Show all lines below holding the string "exact".

== Dataset extract ==
..............................

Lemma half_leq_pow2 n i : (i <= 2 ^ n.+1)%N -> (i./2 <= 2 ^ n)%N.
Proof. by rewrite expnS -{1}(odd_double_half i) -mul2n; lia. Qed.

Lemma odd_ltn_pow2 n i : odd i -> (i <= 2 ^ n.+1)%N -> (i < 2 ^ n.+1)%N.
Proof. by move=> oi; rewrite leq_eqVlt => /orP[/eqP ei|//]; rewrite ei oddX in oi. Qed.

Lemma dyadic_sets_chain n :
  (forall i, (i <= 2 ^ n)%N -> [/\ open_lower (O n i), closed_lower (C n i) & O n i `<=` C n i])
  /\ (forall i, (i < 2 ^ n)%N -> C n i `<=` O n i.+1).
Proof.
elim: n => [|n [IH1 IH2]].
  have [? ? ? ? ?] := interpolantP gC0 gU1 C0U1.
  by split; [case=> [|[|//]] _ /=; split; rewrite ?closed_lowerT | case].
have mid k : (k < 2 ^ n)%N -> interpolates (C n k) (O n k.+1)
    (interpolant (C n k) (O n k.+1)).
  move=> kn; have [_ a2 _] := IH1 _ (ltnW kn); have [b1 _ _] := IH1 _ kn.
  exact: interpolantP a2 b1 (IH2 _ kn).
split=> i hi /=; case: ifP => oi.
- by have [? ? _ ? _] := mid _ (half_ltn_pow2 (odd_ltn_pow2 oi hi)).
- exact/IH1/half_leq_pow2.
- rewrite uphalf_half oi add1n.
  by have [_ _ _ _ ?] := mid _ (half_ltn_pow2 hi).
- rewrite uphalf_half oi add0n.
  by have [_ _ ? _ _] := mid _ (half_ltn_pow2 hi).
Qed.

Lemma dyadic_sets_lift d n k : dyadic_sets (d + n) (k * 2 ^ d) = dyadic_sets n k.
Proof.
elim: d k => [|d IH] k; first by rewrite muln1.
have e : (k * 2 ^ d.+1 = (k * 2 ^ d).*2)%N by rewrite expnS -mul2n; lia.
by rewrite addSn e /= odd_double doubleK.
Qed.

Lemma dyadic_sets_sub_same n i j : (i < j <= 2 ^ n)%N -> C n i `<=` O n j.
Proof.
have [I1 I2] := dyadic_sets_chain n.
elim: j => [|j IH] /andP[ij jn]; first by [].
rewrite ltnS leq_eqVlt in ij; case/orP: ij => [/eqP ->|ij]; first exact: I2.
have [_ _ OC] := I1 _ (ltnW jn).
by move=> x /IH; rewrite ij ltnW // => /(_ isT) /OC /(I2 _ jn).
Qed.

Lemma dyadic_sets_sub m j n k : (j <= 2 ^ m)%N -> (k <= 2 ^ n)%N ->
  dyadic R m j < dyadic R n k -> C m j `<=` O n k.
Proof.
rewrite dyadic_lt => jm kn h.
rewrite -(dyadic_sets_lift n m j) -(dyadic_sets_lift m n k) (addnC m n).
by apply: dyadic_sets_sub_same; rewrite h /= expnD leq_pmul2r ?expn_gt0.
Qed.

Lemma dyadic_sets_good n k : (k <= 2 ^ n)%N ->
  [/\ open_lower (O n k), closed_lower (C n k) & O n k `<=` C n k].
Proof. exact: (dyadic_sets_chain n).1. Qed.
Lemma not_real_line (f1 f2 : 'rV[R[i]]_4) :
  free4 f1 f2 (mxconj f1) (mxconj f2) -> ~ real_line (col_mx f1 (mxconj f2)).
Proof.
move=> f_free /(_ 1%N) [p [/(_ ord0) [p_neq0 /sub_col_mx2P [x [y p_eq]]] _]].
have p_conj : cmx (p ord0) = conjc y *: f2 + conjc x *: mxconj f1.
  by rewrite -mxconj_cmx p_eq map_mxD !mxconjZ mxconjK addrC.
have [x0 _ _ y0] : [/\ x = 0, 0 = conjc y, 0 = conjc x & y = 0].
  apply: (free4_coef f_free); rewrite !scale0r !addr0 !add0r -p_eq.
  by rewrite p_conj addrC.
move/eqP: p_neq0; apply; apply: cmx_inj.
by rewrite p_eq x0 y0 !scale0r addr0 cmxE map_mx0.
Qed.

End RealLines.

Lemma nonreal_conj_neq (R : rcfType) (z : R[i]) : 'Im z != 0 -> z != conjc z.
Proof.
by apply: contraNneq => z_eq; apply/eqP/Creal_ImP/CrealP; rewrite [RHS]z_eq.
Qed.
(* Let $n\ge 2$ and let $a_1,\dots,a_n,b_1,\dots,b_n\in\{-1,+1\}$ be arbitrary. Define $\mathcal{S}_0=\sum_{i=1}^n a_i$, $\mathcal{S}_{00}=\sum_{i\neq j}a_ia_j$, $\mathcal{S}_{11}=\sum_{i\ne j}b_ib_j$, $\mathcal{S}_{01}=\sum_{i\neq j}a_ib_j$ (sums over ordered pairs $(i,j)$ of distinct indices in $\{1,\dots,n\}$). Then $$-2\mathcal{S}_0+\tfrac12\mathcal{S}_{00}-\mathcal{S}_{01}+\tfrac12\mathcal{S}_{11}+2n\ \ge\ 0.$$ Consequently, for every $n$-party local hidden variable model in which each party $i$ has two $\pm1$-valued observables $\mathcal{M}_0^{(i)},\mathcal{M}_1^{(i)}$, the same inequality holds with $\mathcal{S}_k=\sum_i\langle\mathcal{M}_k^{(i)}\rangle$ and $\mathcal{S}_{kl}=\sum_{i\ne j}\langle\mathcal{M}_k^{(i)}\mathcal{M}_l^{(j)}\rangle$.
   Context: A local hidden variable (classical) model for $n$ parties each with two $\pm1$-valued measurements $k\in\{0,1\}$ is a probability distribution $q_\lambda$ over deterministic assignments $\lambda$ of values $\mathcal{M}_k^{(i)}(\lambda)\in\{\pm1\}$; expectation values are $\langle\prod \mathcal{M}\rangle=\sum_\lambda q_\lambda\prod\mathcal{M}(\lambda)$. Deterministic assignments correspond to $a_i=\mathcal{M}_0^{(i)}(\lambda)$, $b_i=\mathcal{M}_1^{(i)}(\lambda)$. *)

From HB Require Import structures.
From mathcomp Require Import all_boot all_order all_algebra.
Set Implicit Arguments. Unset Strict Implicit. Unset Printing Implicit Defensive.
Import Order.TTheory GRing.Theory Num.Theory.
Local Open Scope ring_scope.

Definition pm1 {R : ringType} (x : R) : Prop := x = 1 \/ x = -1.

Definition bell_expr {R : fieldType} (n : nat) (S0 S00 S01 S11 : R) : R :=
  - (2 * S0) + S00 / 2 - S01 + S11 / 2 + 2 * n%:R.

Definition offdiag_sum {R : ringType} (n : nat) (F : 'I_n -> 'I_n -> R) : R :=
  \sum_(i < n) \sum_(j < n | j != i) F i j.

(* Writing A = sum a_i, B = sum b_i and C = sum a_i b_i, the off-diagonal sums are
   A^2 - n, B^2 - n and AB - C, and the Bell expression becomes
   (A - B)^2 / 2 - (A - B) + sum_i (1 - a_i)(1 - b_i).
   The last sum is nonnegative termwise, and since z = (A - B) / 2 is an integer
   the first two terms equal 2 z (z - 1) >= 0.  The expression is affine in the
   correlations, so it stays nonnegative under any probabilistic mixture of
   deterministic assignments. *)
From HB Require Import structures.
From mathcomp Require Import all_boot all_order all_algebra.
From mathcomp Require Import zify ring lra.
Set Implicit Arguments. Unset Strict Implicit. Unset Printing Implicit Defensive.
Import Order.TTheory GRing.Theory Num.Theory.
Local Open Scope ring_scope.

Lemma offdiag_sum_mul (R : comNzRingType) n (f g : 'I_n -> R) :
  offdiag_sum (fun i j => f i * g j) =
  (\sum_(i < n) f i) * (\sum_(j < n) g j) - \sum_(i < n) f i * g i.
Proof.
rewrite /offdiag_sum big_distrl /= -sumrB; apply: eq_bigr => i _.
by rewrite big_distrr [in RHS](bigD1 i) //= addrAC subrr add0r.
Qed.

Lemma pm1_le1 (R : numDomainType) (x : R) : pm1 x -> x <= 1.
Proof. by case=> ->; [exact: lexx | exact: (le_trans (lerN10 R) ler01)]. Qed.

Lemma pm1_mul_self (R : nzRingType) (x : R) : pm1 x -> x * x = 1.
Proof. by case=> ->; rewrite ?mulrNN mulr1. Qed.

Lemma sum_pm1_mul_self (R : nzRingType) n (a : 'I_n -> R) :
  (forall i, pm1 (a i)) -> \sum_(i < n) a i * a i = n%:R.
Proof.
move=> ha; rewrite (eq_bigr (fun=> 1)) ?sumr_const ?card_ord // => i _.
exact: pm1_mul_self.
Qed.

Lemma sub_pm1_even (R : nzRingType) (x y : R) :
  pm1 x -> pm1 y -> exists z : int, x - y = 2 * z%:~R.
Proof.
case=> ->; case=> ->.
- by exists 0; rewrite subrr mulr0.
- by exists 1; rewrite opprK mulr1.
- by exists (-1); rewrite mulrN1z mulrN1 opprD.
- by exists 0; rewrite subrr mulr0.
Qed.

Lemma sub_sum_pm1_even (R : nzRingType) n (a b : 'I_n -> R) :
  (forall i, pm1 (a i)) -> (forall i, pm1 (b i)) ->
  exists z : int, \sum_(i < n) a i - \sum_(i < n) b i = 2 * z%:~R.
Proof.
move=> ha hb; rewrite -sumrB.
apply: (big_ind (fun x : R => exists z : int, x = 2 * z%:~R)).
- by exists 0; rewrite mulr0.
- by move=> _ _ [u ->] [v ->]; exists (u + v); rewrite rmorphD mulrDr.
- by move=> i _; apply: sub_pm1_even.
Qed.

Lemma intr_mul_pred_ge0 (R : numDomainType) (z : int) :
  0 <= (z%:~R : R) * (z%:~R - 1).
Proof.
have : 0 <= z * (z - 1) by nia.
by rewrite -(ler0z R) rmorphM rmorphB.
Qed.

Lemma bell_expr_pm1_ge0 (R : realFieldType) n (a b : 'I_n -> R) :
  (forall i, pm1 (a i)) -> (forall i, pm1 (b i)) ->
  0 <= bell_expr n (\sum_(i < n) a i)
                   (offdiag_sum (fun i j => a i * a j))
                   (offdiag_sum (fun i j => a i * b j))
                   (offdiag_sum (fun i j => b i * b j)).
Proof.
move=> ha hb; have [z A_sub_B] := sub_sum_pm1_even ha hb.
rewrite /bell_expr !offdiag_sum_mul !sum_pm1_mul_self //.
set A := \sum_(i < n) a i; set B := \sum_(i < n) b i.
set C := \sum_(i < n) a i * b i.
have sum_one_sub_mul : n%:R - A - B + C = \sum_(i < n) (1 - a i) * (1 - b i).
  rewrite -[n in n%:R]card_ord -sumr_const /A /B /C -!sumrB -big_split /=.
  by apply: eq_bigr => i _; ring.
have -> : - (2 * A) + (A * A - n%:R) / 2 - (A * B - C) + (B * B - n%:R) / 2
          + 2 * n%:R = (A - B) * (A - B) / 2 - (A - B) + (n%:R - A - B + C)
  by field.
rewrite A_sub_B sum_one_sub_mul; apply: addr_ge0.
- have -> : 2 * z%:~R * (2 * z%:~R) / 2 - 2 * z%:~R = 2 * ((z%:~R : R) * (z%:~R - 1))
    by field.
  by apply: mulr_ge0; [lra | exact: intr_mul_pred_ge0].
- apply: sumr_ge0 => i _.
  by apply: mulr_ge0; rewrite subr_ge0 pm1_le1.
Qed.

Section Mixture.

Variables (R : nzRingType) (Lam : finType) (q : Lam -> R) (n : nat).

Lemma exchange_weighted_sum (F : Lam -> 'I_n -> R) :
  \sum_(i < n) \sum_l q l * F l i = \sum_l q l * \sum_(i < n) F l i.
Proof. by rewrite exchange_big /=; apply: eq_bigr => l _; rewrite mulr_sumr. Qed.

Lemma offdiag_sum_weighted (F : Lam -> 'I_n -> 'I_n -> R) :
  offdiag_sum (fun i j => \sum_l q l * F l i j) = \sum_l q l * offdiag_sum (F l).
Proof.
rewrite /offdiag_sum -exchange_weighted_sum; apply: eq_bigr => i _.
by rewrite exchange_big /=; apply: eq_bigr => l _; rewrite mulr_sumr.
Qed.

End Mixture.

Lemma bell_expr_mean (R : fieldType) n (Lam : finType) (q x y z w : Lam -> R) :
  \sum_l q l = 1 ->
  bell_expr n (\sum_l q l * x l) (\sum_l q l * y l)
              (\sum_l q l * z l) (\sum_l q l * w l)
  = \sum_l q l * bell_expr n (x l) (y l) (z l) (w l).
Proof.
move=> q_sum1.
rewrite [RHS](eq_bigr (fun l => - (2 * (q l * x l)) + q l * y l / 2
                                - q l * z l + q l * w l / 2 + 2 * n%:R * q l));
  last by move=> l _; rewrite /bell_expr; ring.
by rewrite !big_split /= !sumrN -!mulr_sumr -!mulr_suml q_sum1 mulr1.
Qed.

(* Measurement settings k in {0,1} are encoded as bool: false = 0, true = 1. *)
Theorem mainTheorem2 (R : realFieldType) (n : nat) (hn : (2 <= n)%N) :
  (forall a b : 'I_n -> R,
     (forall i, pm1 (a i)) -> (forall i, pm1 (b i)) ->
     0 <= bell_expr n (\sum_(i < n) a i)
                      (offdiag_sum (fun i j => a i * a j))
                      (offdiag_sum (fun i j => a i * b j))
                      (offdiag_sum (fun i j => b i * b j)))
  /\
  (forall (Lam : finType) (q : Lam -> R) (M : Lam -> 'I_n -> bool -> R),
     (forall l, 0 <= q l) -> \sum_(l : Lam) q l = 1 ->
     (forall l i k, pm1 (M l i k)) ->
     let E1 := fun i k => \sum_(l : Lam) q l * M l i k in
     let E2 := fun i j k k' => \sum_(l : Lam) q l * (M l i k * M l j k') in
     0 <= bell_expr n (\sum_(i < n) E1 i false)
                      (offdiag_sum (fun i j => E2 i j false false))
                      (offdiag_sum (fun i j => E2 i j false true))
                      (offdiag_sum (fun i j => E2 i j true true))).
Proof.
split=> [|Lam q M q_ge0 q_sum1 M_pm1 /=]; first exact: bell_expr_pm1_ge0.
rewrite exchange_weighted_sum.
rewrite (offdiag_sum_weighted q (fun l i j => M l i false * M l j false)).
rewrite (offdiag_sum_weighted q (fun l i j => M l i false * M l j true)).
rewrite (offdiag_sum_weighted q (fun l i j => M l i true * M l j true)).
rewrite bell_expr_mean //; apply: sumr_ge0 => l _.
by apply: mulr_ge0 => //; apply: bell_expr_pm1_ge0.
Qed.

..............................

== Answer for the task ==
  exact: interpolantP a2 b1 (IH2 _ kn).
- exact/IH1/half_leq_pow2.
rewrite ltnS leq_eqVlt in ij; case/orP: ij => [/eqP ->|ij]; first exact: I2.
Proof. exact: (dyadic_sets_chain n).1. Qed.
Proof. by case=> ->; [exact: lexx | exact: (le_trans (lerN10 R) ler01)]. Qed.
exact: pm1_mul_self.
  by apply: mulr_ge0; [lra | exact: intr_mul_pred_ge0].
split=> [|Lam q M q_ge0 q_sum1 M_pm1 /=]; first exact: bell_expr_pm1_ge0.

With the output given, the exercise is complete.